*** Opening Data to examine ***
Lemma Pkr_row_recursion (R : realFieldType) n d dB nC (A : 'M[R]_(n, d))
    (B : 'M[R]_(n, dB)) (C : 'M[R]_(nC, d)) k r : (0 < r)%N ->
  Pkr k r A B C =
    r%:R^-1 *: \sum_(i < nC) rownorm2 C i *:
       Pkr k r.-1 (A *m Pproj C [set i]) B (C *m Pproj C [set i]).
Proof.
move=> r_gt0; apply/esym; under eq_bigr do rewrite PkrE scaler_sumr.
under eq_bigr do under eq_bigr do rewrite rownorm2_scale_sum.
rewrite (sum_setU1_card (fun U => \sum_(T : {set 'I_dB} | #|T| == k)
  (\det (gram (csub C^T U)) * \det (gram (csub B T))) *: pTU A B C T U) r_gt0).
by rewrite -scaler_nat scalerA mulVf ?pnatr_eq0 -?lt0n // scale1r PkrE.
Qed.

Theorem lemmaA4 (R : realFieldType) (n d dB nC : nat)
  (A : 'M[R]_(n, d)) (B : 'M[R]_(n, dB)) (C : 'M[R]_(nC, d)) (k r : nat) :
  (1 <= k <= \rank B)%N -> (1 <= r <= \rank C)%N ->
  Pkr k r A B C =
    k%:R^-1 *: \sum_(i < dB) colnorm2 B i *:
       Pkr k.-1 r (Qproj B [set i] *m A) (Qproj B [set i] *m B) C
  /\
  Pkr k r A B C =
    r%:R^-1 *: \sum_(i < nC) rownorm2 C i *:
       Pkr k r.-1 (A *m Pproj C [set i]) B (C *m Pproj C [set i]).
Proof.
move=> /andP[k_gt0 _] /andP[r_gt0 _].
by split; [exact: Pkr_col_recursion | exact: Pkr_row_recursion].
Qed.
*** Closing Data to examine ***
*** Opening Data to examine ***
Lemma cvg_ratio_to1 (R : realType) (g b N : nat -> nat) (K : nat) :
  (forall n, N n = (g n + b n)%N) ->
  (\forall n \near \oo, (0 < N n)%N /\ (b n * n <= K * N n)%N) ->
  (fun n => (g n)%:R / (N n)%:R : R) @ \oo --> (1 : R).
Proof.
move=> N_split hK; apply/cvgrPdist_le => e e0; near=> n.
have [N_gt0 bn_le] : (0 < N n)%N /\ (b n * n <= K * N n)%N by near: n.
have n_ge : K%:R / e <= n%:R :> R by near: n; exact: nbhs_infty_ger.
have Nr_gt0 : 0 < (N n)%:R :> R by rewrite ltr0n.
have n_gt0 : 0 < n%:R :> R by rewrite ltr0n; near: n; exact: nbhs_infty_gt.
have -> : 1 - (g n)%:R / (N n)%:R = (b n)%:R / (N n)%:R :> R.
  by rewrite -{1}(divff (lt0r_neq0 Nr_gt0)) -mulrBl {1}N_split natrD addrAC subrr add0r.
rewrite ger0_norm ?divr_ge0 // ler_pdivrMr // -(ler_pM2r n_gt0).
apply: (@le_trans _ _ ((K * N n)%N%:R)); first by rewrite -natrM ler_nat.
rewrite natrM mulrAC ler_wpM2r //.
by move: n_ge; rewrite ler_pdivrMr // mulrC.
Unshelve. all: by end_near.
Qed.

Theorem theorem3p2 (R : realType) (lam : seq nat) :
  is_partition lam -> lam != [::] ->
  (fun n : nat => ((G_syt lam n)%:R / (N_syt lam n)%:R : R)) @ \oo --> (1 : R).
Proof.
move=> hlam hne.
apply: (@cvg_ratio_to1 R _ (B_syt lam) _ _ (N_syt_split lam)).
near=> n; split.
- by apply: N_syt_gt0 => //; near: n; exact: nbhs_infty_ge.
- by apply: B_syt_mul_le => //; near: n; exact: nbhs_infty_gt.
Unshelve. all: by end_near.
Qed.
*** Closing Data to examine ***
*** Opening Data to examine ***
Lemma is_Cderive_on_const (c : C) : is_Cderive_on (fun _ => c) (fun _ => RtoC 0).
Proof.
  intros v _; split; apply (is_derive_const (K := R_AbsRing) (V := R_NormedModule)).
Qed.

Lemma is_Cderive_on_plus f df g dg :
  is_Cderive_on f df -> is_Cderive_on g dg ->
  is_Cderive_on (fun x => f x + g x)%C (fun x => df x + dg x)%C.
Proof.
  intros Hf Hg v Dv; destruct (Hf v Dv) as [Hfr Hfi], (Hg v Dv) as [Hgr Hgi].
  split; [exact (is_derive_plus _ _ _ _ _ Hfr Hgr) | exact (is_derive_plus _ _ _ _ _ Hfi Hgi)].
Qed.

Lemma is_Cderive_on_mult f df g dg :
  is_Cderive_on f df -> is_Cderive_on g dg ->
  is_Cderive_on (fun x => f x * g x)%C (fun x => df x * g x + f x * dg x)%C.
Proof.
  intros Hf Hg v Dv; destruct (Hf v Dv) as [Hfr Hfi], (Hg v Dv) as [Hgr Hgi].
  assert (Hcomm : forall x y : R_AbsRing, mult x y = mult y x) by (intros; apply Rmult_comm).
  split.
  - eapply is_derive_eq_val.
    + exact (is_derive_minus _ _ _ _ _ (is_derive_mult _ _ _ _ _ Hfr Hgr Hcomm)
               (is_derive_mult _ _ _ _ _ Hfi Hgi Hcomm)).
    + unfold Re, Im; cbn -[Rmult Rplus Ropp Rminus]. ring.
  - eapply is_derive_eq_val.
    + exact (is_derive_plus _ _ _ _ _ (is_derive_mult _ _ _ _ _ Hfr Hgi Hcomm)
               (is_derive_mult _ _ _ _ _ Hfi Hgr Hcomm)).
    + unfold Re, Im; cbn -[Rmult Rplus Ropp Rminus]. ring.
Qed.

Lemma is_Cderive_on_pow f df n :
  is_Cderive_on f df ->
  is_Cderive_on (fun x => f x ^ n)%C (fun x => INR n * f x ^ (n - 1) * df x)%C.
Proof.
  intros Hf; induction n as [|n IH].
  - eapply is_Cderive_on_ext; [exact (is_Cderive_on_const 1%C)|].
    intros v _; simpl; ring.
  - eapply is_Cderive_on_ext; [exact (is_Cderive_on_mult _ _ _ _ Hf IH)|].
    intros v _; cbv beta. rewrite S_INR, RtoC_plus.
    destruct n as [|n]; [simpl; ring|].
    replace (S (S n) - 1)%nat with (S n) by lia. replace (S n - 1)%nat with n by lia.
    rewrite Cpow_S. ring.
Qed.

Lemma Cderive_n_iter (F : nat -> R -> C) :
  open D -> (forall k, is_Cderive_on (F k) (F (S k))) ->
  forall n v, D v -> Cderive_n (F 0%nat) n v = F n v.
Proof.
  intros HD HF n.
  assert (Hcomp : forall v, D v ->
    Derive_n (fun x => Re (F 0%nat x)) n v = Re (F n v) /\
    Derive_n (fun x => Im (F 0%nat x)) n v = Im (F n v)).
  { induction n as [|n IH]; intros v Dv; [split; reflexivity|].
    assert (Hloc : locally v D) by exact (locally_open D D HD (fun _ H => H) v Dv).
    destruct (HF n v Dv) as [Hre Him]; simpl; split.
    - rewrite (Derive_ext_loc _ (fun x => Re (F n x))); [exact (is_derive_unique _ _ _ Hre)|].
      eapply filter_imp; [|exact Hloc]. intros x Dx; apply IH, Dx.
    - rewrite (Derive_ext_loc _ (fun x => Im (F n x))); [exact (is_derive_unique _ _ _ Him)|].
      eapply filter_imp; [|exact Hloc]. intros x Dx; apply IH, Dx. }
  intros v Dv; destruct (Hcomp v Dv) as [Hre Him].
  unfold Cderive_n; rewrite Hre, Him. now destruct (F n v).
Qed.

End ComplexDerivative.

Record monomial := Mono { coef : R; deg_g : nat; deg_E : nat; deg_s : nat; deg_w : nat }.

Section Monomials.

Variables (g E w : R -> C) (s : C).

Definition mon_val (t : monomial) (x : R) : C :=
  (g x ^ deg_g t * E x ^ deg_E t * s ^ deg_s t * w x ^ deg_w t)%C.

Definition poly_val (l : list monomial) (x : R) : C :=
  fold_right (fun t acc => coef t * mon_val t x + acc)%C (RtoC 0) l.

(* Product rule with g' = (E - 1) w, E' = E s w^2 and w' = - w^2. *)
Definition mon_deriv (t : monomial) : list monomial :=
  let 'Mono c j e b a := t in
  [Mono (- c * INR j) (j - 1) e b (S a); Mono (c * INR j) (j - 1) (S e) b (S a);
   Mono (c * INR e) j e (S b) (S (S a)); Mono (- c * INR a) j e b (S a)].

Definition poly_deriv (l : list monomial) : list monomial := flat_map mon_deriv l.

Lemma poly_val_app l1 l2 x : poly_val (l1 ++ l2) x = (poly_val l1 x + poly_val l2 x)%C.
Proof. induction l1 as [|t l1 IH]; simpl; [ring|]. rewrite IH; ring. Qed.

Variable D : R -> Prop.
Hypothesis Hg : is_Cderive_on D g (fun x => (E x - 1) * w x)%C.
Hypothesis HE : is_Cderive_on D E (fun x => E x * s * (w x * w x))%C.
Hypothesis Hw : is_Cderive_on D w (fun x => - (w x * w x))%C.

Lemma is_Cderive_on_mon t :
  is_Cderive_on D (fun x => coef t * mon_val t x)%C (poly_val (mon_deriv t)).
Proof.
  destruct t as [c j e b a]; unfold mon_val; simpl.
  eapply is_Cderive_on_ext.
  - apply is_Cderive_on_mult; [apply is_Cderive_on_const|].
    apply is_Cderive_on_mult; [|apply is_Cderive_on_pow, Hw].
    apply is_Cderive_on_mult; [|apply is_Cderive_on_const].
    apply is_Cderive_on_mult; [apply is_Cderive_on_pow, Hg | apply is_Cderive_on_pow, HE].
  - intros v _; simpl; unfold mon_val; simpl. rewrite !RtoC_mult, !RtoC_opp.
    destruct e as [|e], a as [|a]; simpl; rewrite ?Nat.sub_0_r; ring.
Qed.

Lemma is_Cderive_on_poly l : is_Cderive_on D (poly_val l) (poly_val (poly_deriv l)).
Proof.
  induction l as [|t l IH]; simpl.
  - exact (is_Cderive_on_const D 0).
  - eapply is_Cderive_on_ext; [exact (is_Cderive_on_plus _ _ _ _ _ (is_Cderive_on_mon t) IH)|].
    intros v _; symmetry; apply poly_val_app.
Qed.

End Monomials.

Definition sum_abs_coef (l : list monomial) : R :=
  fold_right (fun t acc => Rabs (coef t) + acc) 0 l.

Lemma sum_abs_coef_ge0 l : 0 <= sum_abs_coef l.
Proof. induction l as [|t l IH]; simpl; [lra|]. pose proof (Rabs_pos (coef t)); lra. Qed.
*** Closing Data to examine ***
- _What the exercise asks_
In the lines above, spot each one that contains the word "have" and copy it.

- _Exercise answer_
have [N_gt0 bn_le] : (0 < N n)%N /\ (b n * n <= K * N n)%N by near: n.
have n_ge : K%:R / e <= n%:R :> R by near: n; exact: nbhs_infty_ger.
have Nr_gt0 : 0 < (N n)%:R :> R by rewrite ltr0n.
have n_gt0 : 0 < n%:R :> R by rewrite ltr0n; near: n; exact: nbhs_infty_gt.
have -> : 1 - (g n)%:R / (N n)%:R = (b n)%:R / (N n)%:R :> R.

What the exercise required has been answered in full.